Radiolabeled peptides for diagnosis and therapy of various malignancies have been a cornerstone of radiopharmaceutical development over the past decades with 68Ga as the mainstay of modern PET-based tumor imaging. The clinical utility of the “thera(g)nostic” approach has peaked in the products recently obtaining marketing authorization for diagnosis (68Ga-DOTATOC as SOMAKit TOC in Europe and 68Ga-DOTATATE as NETSPOT in the United States; Advanced Accelerator Applications) and therapy (177Lu-DOTATATE as Lutathera; Advanced Accelerator Applications), stimulating research on regulatory peptides binding to other receptors (1). One of main targets in this area are gastrin- releasing peptide receptors (GRPRs), which are overexpressed in a variety of cancers including prostate (2–6) and breast cancer (7) as well as glioma (8,9).

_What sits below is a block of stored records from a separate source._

(* Let $A=(a_{ij})$ be the adjacency matrix of a graph on $[n]$ ($a_{ii}=0$), $Z_1,\dots,Z_n\in\mathbb R^{d_n}$, and let the LG-GNN quantities be $\lambda_i^0=\frac1{\sqrt{n-1}}\sum_\ell a_{i\ell}Z_\ell$, $\lambda_i^k=\lambda_i^{k-1}+\frac1{n-1}\sum_\ell a_{i\ell}\lambda_\ell^{k-1}$ ($k=1,\dots,L$), $\hat q_{i,j}^{(2)}=\langle\lambda_i^0,\lambda_j^0\rangle$ and $\hat q_{i,j}^{(k)}=\langle\lambda_i^{k-2},\lambda_j^0\rangle-\sum_{r=0}^{k-3}\binom{k-2}r\hat q_{i,j}^{(r+2)}$ for $3\le k\le L+2$. Then for all $2\le k\le L+2$, $$\hat q_{i,j}^{(k)}=\Big\langle\frac1{\sqrt{n-1}}\sum_{\ell\le n}a_{j\ell}Z_\ell,\ \frac1{\sqrt{n-1}}\sum_{\ell\le n}\hat W_{n,i,\ell}^{(k-1)}Z_\ell\Big\rangle.$$
   Context: Empirical moment: $\hat W_{n,i,j}^{(k)}=\frac1{(n-1)^{k-1}}\sum_{r_1,\dots,r_{k-1}\le n}a_{ir_1}a_{r_1r_2}\cdots a_{r_{k-1}j}$, so $\hat W^{(1)}_{n,i,j}=a_{ij}$. *)

From HB Require Import structures.
From mathcomp Require Import all_boot all_order all_algebra.
Set Implicit Arguments. Unset Strict Implicit. Unset Printing Implicit Defensive.
Import Order.TTheory GRing.Theory Num.Theory.
Local Open Scope ring_scope.

Section LGGNN.
Variables (R : rcfType) (n d : nat).

Definition dotv (u v : 'rV[R]_d) : R := \sum_(t < d) u 0 t * v 0 t.

Definition adjacency (A : 'M[R]_n) : Prop :=
  (forall i j, A i j = 0 \/ A i j = 1) /\ (forall i j, A i j = A j i) /\
  (forall i, A i i = 0).

Fixpoint lam (A : 'M[R]_n) (Z : 'I_n -> 'rV[R]_d) (k : nat) (i : 'I_n) : 'rV[R]_d :=
  match k with
  | 0 => (Num.sqrt (n.-1)%:R)^-1 *: \sum_(l < n) A i l *: Z l
  | k'.+1 => lam A Z k' i + ((n.-1)%:R)^-1 *: \sum_(l < n) A i l *: lam A Z k' l
  end.

(* qseq m = [:: qhat^(2); ...; qhat^(m+2)] *)
Fixpoint qseq (A : 'M[R]_n) (Z : 'I_n -> 'rV[R]_d) (i j : 'I_n) (m : nat) : seq R :=
  match m with
  | 0 => [:: dotv (lam A Z 0 i) (lam A Z 0 j)]
  | m'.+1 => let s := qseq A Z i j m' in
      rcons s (dotv (lam A Z m'.+1 i) (lam A Z 0 j)
               - \sum_(r < m'.+1) 'C(m'.+1, r)%:R * nth 0 s r)
  end.

(* qhat^(k)_{i,j}, meaningful for k >= 2 *)
Definition qhat A Z (k : nat) (i j : 'I_n) : R := nth 0 (qseq A Z i j (k - 2)) (k - 2).

Fixpoint wsum (A : 'M[R]_n) (k : nat) (i j : 'I_n) : R :=
  match k with
  | 0 => 0
  | 1 => A i j
  | k'.+1 => \sum_(r < n) wsum A k' i r * A r j
  end.

Definition What (A : 'M[R]_n) (k : nat) (i j : 'I_n) : R :=
  wsum A k i j / ((n.-1)%:R ^+ k.-1).

End LGGNN.

From HB Require Import structures.
From mathcomp Require Import all_boot all_order all_algebra.
From mathcomp Require Import ring.
Set Implicit Arguments. Unset Strict Implicit. Unset Printing Implicit Defensive.
Import Order.TTheory GRing.Theory Num.Theory.
Local Open Scope ring_scope.

(* With [P] the aggregation step [aggregate], the LG-GNN recursion reads
   [lambda^k = (1 + P)^k lambda^0], while [P^r lambda^0 = moment r] carries the
   empirical moment [W^(r+1)].  Hence [lambda^k = sum_r C(k,r) moment r], and the
   recursion defining [qhat^(k+2)] subtracts exactly the terms [r < k] of
   [<lambda^k_i, lambda^0_j>], leaving [<moment k i, lambda^0_j>]. *)

Section InnerProduct.
Variables (R : rcfType) (d : nat).

Lemma dotvC (u v : 'rV[R]_d) : dotv u v = dotv v u.
Proof. by apply: eq_bigr => t _; rewrite mulrC. Qed.

Lemma dotv_suml m (c : 'I_m -> R) (u : 'I_m -> 'rV[R]_d) v :
  dotv (\sum_(r < m) c r *: u r) v = \sum_(r < m) c r * dotv (u r) v.
Proof.
rewrite /dotv; under eq_bigr => t _ do rewrite summxE big_distrl.
rewrite exchange_big; apply: eq_bigr => r _ /=.
by rewrite mulr_sumr; apply: eq_bigr => t _; rewrite mxE mulrA.
Qed.

End InnerProduct.

Section Moments.
Variables (R : rcfType) (n d : nat) (A : 'M[R]_n) (Z : 'I_n -> 'rV[R]_d).

Lemma wsumSl k (i j : 'I_n) :
  wsum A k.+2 i j = \sum_(l < n) A i l * wsum A k.+1 l j.
Proof.
elim: k i j => [|k IHk] i j //.
rewrite -[LHS]/(\sum_(r < n) wsum A k.+2 i r * A r j).
under eq_bigr => r _ do rewrite IHk big_distrl /=.
rewrite exchange_big /=; apply: eq_bigr => l _.
by rewrite big_distrr /=; apply: eq_bigr => r _; rewrite mulrA.
Qed.

Lemma WhatSl k (i j : 'I_n) :
  What A k.+2 i j = (n.-1)%:R^-1 * \sum_(l < n) A i l * What A k.+1 l j.
Proof.
rewrite /What wsumSl mulr_suml mulr_sumr; apply: eq_bigr => l _ /=.
by rewrite exprS invfM; ring.
Qed.

Definition aggregate (v : 'I_n -> 'rV[R]_d) (i : 'I_n) : 'rV[R]_d :=
  (n.-1)%:R^-1 *: \sum_(l < n) A i l *: v l.

Lemma eq_aggregate {v w : 'I_n -> 'rV[R]_d} :
  v =1 w -> aggregate v =1 aggregate w.
Proof. by move=> eq_vw i; congr (_ *: _); apply: eq_bigr => l _; rewrite eq_vw. Qed.

Lemma aggregate_sum m (c : 'I_m -> R) (v : 'I_m -> 'I_n -> 'rV[R]_d) i :
  aggregate (fun l => \sum_(r < m) c r *: v r l) i
  = \sum_(r < m) c r *: aggregate (v r) i.
Proof.
rewrite /aggregate; under eq_bigr => l _ do rewrite scaler_sumr.
rewrite exchange_big scaler_sumr; apply: eq_bigr => r _ /=.
rewrite !scaler_sumr; apply: eq_bigr => l _.
by rewrite !scalerA; congr (_ *: _); ring.
Qed.

Lemma lamS k i : lam A Z k.+1 i = lam A Z k i + aggregate (lam A Z k) i.
Proof. by []. Qed.

Definition moment (r : nat) (i : 'I_n) : 'rV[R]_d :=
  (Num.sqrt (n.-1)%:R)^-1 *: \sum_(l < n) What A r.+1 i l *: Z l.

Lemma moment0 i : moment 0 i = lam A Z 0 i.
Proof.
rewrite /moment /=; congr (_ *: _); apply: eq_bigr => l _.
by rewrite /What expr0 invr1 mulr1.
Qed.

Lemma aggregate_moment r i : aggregate (moment r) i = moment r.+1 i.
Proof.
rewrite /aggregate /moment.
under eq_bigr => l _ do rewrite scalerA mulrC -scalerA scaler_sumr.
rewrite -scaler_sumr scalerA mulrC -scalerA; congr (_ *: _).
rewrite exchange_big scaler_sumr; apply: eq_bigr => m _ /=.
under eq_bigr => l _ do rewrite scalerA.
by rewrite -scaler_suml scalerA -WhatSl.
Qed.

Lemma lam_binomial k i :
  lam A Z k i = \sum_(r < k.+1) 'C(k, r)%:R *: moment r i.
Proof.
elim: k i => [|k IHk] i; first by rewrite big_ord1 bin0 scale1r moment0.
rewrite lamS.
have -> : aggregate (lam A Z k) i
          = \sum_(r < k.+1) 'C(k, r)%:R *: moment r.+1 i.
  rewrite (eq_aggregate IHk) aggregate_sum.
  by apply: eq_bigr => r _; rewrite aggregate_moment.
rewrite IHk big_ord_recl [RHS]big_ord_recl !bin0.
under [in RHS]eq_bigr => r _ do rewrite binS natrD scalerDl.
rewrite big_split /= addrA; congr (_ + _).
by rewrite big_ord_recr /= bin_small // scale0r addr0.
Qed.

End Moments.

Section Qhat.
Variables (R : rcfType) (n d : nat) (A : 'M[R]_n) (Z : 'I_n -> 'rV[R]_d).
Variables (i j : 'I_n).

Lemma qseqS m : qseq A Z i j m.+1 = rcons (qseq A Z i j m)
  (dotv (lam A Z m.+1 i) (lam A Z 0 j)
   - \sum_(r < m.+1) 'C(m.+1, r)%:R * nth 0 (qseq A Z i j m) r).
Proof. by []. Qed.

Lemma size_qseq m : size (qseq A Z i j m) = m.+1.
Proof. by elim: m => [|m IHm] //; rewrite qseqS size_rcons IHm. Qed.

Lemma nth_qseq m r : (r <= m)%N ->
  nth 0 (qseq A Z i j m) r = nth 0 (qseq A Z i j r) r.
Proof.
elim: m => [|m IHm]; first by rewrite leqn0 => /eqP ->.
rewrite leq_eqVlt => /predU1P [-> // | ltrm].
by rewrite qseqS nth_rcons size_qseq ltrm IHm.
Qed.

Lemma nth_qseq_moment m :
  nth 0 (qseq A Z i j m) m = dotv (moment A Z m i) (lam A Z 0 j).
Proof.
elim/ltn_ind: m => -[|m] IHm; first by rewrite /= moment0.
rewrite qseqS nth_rcons size_qseq ltnn eqxx.
rewrite lam_binomial dotv_suml big_ord_recr /= binn mul1r.
under [X in _ - X]eq_bigr => r _ do
  rewrite (nth_qseq (m := m) (ltn_ord r)) (IHm _ (ltn_ord r)).
by rewrite addrC addrK.
Qed.

End Qhat.

Theorem lemmaD5 (R : rcfType) (n d L : nat) (A : 'M[R]_n)
  (Z : 'I_n -> 'rV[R]_d) (hA : adjacency A) (k : nat)
  (hk2 : (2 <= k)%N) (hkL : (k <= L + 2)%N) (i j : 'I_n) :
  qhat A Z k i j =
  dotv ((Num.sqrt (n.-1)%:R)^-1 *: \sum_(l < n) A j l *: Z l)
       ((Num.sqrt (n.-1)%:R)^-1 *: \sum_(l < n) What A k.-1 i l *: Z l).
Proof.
have -> : k.-1 = (k - 2).+1 by case: k hk2 {hkL} => [|[|k]] //= _; rewrite subn2.
by rewrite /qhat nth_qseq_moment dotvC.
Qed.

A variety of radiolabeled peptides binding to GRPRs, derived from the natural ligand bombesin, have been developed (10). However, early bombesin analogs with agonistic properties led to a high rate of unwanted side effects (11), thus shifting focus toward antagonistic bombesin analogs, avoiding side effects and possibly leading to higher targeting efficiency and metabolic stability.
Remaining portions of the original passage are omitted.